By default the checkpoint you downloaded from the Downloading Checkpoints section in the Setup guide are for 720P and 16FPS. If you instead want to change the behavior to, say, 480P and 10FPS, you need to download the corresponding checkpoint and pass --fps 10 --resolution 480.

For a complete list of available arguments and options:

python -m examples.video2world --help

Examples

Single Video Generation

Using the 2B model

This is a basic example for running inference on the 2B model with a single image. The output is saved to output/video2world_2b.mp4. The corresponding input prompt is saved to output/video2world_2b.txt.

# Set the input prompt
PROMPT="A nighttime city bus terminal gradually shifts from stillness to subtle movement. At first, multiple double-decker buses are parked under the glow of overhead lights, with a central bus labeled '87D' facing forward and stationary. As the video progresses, the bus in the middle moves ahead slowly, its headlights brightening the surrounding area and casting reflections onto adjacent vehicles. The motion creates space in the lineup, signaling activity within the otherwise quiet station. It then comes to a smooth stop, resuming its position in line. Overhead signage in Chinese characters remains illuminated, enhancing the vibrant, urban night scene."
# Run video2world generation
python -m examples.video2world \
    --model_size 2B \
    --input_path assets/video2world/input0.jpg \
    --num_conditional_frames 1 \
    --prompt "${PROMPT}" \
    --save_path output/video2world_2b.mp4

Using the 14B model

The 14B model can be run similarly by changing the model size parameter. For GPUs with lower memory limit, it may also make sense to offload guardrail and prompt refiner models.

# Set the input prompt
PROMPT="A nighttime city bus terminal gradually shifts from stillness to subtle movement. At first, multiple double-decker buses are parked under the glow of overhead lights, with a central bus labeled '87D' facing forward and stationary. As the video progresses, the bus in the middle moves ahead slowly, its headlights brightening the surrounding area and casting reflections onto adjacent vehicles. The motion creates space in the lineup, signaling activity within the otherwise quiet station. It then comes to a smooth stop, resuming its position in line. Overhead signage in Chinese characters remains illuminated, enhancing the vibrant, urban night scene."
# Run video2world generation
python -m examples.video2world \
    --model_size 14B \
    --input_path assets/video2world/input0.jpg \
    --num_conditional_frames 1 \
    --prompt "${PROMPT}" \
    --save_path output/video2world_14b.mp4 \
    --offload_guardrail \
    --offload_prompt_refiner

The 14B model requires significant GPU memory, so it is recommended to offload the prompt refiner or guardrail models to CPU to conserve GPU memory.

Batch Video Generation

For generating multiple videos with different inputs and prompts, you can use a JSON file with batch inputs. The JSON file should contain an array of objects, where each object has:

  • input_video: The path to the input image or video (required)
  • prompt: The text prompt describing the desired video (required)
  • output_video: The path where the generated video should be saved (required)

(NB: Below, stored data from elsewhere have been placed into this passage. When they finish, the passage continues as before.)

(* Lie algebra of O(V) and |g|^{1/2} := sqrtq ^ (log_q |g|) *)
Definition lieO : {set 'M[F]_d} :=
  [set X : 'M[F]_d | X^T *m B + B *m X == 0].
Definition lie_sqrt_card (sqrtq : C) : C :=
  sqrtq ^+ trunc_log #|F| #|lieO|.

Definition Bsq : 'M[F]_(d + d) := block_mx B 0 0 (- B).
Definition Delta : 'M[F]_(d + d, d) := col_mx 1%:M 1%:M.  (* basis of V^Delta *)
Definition restrD (G : 'M[F]_(d + d)) : 'M[F]_d := usubmx (G *m Delta).
  (* matrix of G|_{V^Delta} in the basis Delta, when G stabilizes V^Delta *)
Definition inP (G : 'M[F]_(d + d)) : bool :=
  isO Bsq G && (G *m Delta == Delta *m restrD G).
(* unipotent radical: trivial on V^Delta and on V^sq / V^Delta *)
Definition inN (G : 'M[F]_(d + d)) : bool :=
  [&& isO Bsq G, (G - 1%:M) *m Delta == 0 &
      [exists M : 'M[F]_(d, d + d), G - 1%:M == Delta *m M]].
Definition wV : 'M[F]_(d + d) := block_mx 1%:M 0 0 (- 1%:M).
Definition iotaV (g1 g2 : 'M[F]_d) : 'M[F]_(d + d) := block_mx g1 0 0 g2.

Variables (sqrtq : C) (chi : F -> C).

Definition f0V (G : 'M[F]_(d + d)) : C :=
  if inP G then chi (\det (restrD G)) else 0.
Definition MV (f : 'M[F]_(d + d) -> C) (G : 'M[F]_(d + d)) : C :=
  (lie_sqrt_card sqrtq)^-1 * \sum_(u : 'M[F]_(d + d) | inN u) f (wV *m u *m G).
Definition ZV (n : nat) (pi : 'M[F]_d -> 'M[C]_n) (f : 'M[F]_(d + d) -> C)
  : 'M[C]_n := \sum_(g : 'M[F]_d | isO B g) f (iotaV g 1%:M) *: pi g.
Definition GammaOp (n : nat) (pi : 'M[F]_d -> 'M[C]_n) : 'M[C]_n :=
  ZV pi (MV f0V).

Definition JOp (n : nat) (pi0 : 'M[F]_d -> 'M[C]_n) : 'M[C]_n :=
  (lie_sqrt_card sqrtq)^-1 *:
    \sum_(g : 'M[F]_d | isSO g && (\det (1%:M + g) != 0))
       chi (\det (1%:M + g)) *: pi0 g.

Definition is_rep (G : pred 'M[F]_d) (n : nat) (pi : 'M[F]_d -> 'M[C]_n) : Prop :=
  pi 1%:M = 1%:M /\ {in G &, forall g h, pi (g *m h) = pi g *m pi h}.
(* irreducible: nonzero, and no invariant subspace (column space of U)
   other than 0 and C^n *)
Definition is_irrep (G : pred 'M[F]_d) (n : nat) (pi : 'M[F]_d -> 'M[C]_n) : Prop :=
  [/\ is_rep G pi, (0 < n)%N &
      forall U : 'M[C]_n,
        (forall g, G g -> ((pi g *m U)^T <= U^T)%MS) ->
        U = 0 \/ \rank U = n].

(* extension pi0^+ of pi0 to O(V) = {+-1} x SO(V) (d odd) *)
Definition plus_ext (n : nat) (pi0 : 'M[F]_d -> 'M[C]_n) (g : 'M[F]_d) : 'M[C]_n :=
  if isSO g then pi0 g else pi0 (- g).

(* a fixed element of O(V) \ SO(V) and the induced representation
   Ind_{SO}^{O} pi0, realised on functions f with f(s x) = pi0(s) f(x),
   coordinates (f(1), f(h)) *)
Definition hO : 'M[F]_d := odflt 1%:M [pick h | isO B h && (\det h != 1)].
Definition IndSO (n : nat) (pi0 : 'M[F]_d -> 'M[C]_n) (g : 'M[F]_d)
  : 'M[C]_(n + n) :=
  if isSO g then block_mx (pi0 g) 0 0 (pi0 (hO *m g *m invmx hO))
  else block_mx 0 (pi0 (g *m invmx hO)) (pi0 (hO *m g)) 0.

(* "Gamma(pi0, chi) = c" for pi0 a representation of SO(V), following the
   extension of Gamma from O(V) to SO(V). *)
Definition GammaSO_eq (n : nat) (pi0 : 'M[F]_d -> 'M[C]_n) (c : C) : Prop :=
  if odd d then GammaOp (plus_ext pi0) = c%:M
  else
    (forall pi' : 'M[F]_d -> 'M[C]_n,
        is_irrep (isO B) pi' -> {in isSO, pi' =1 pi0} -> GammaOp pi' = c%:M)
    /\ ((~ exists pi' : 'M[F]_d -> 'M[C]_n,
            is_irrep (isO B) pi' /\ {in isSO, pi' =1 pi0}) ->
        GammaOp (IndSO pi0) = c%:M).

End Defs.

From HB Require Import structures.
From mathcomp Require Import all_boot all_order all_algebra all_field.
Import GRing.Theory.
Local Open Scope ring_scope.
Set Implicit Arguments. Unset Strict Implicit. Unset Printing Implicit Defensive.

An example can be found in assets/video2world/batch_example.json:

[
  {
    "input_video": "assets/video2world/input0.jpg",
    "prompt": "A nighttime city bus terminal gradually shifts from stillness to subtle movement. At first, multiple double-decker buses are parked under the glow of overhead lights, with a central bus labeled '87D' facing forward and stationary. As the video progresses, the bus in the middle moves ahead slowly, its headlights brightening the surrounding area and casting reflections onto adjacent vehicles. The motion creates space in the lineup, signaling activity within the otherwise quiet station. It then comes to a smooth stop, resuming its position in line. Overhead signage in Chinese characters remains illuminated, enhancing the vibrant, urban night scene.",
    "output_video": "output/bus-terminal-night-movement.mp4"
  },
  {
    "input_video": "assets/video2world/input1.jpg",
    "prompt": "As the red light shifts to green, the red bus at the intersection begins to move forward, its headlights cutting through the falling snow. The snowy tire tracks deepen as the vehicle inches ahead, casting fresh lines onto the slushy road. Around it, streetlights glow warmer, illuminating the drifting flakes and wet reflections on the asphalt. Other cars behind start to edge forward, their beams joining the scene. The stillness of the urban street transitions into motion as the quiet snowfall is punctuated by the slow advance of traffic through the frosty city corridor.",
    "output_video": "output/snowy-intersection-traffic.mp4"
  },
  {
    "input_video": "assets/video2world/input2.jpg",
    "prompt": "In the later moments of the video, the female worker in the front, dressed in a white coat and hairnet, performs a repetitive yet precise task. She scoops golden granular material from a wide jar and steadily pours it into the next empty glass bottle on the conveyor belt. Her hand moves with practiced control as she aligns the scoop over each container, ensuring an even fill. The sequence highlights her focused attention and consistent motion, capturing the shift from preparation to active material handling as the production line advances bottle by bottle.",
    "output_video": "output/factory-worker-bottle-filling.mp4"
  }
]

Specify the input via the --batch_input_json argument:

# Run batch video2world generation
python -m examples.video2world \
    --model_size 2B \
    --batch_input_json assets/video2world/batch_example.json

This will generate three separate videos according to the inputs and prompts specified in the JSON file, with each output saved to its corresponding path.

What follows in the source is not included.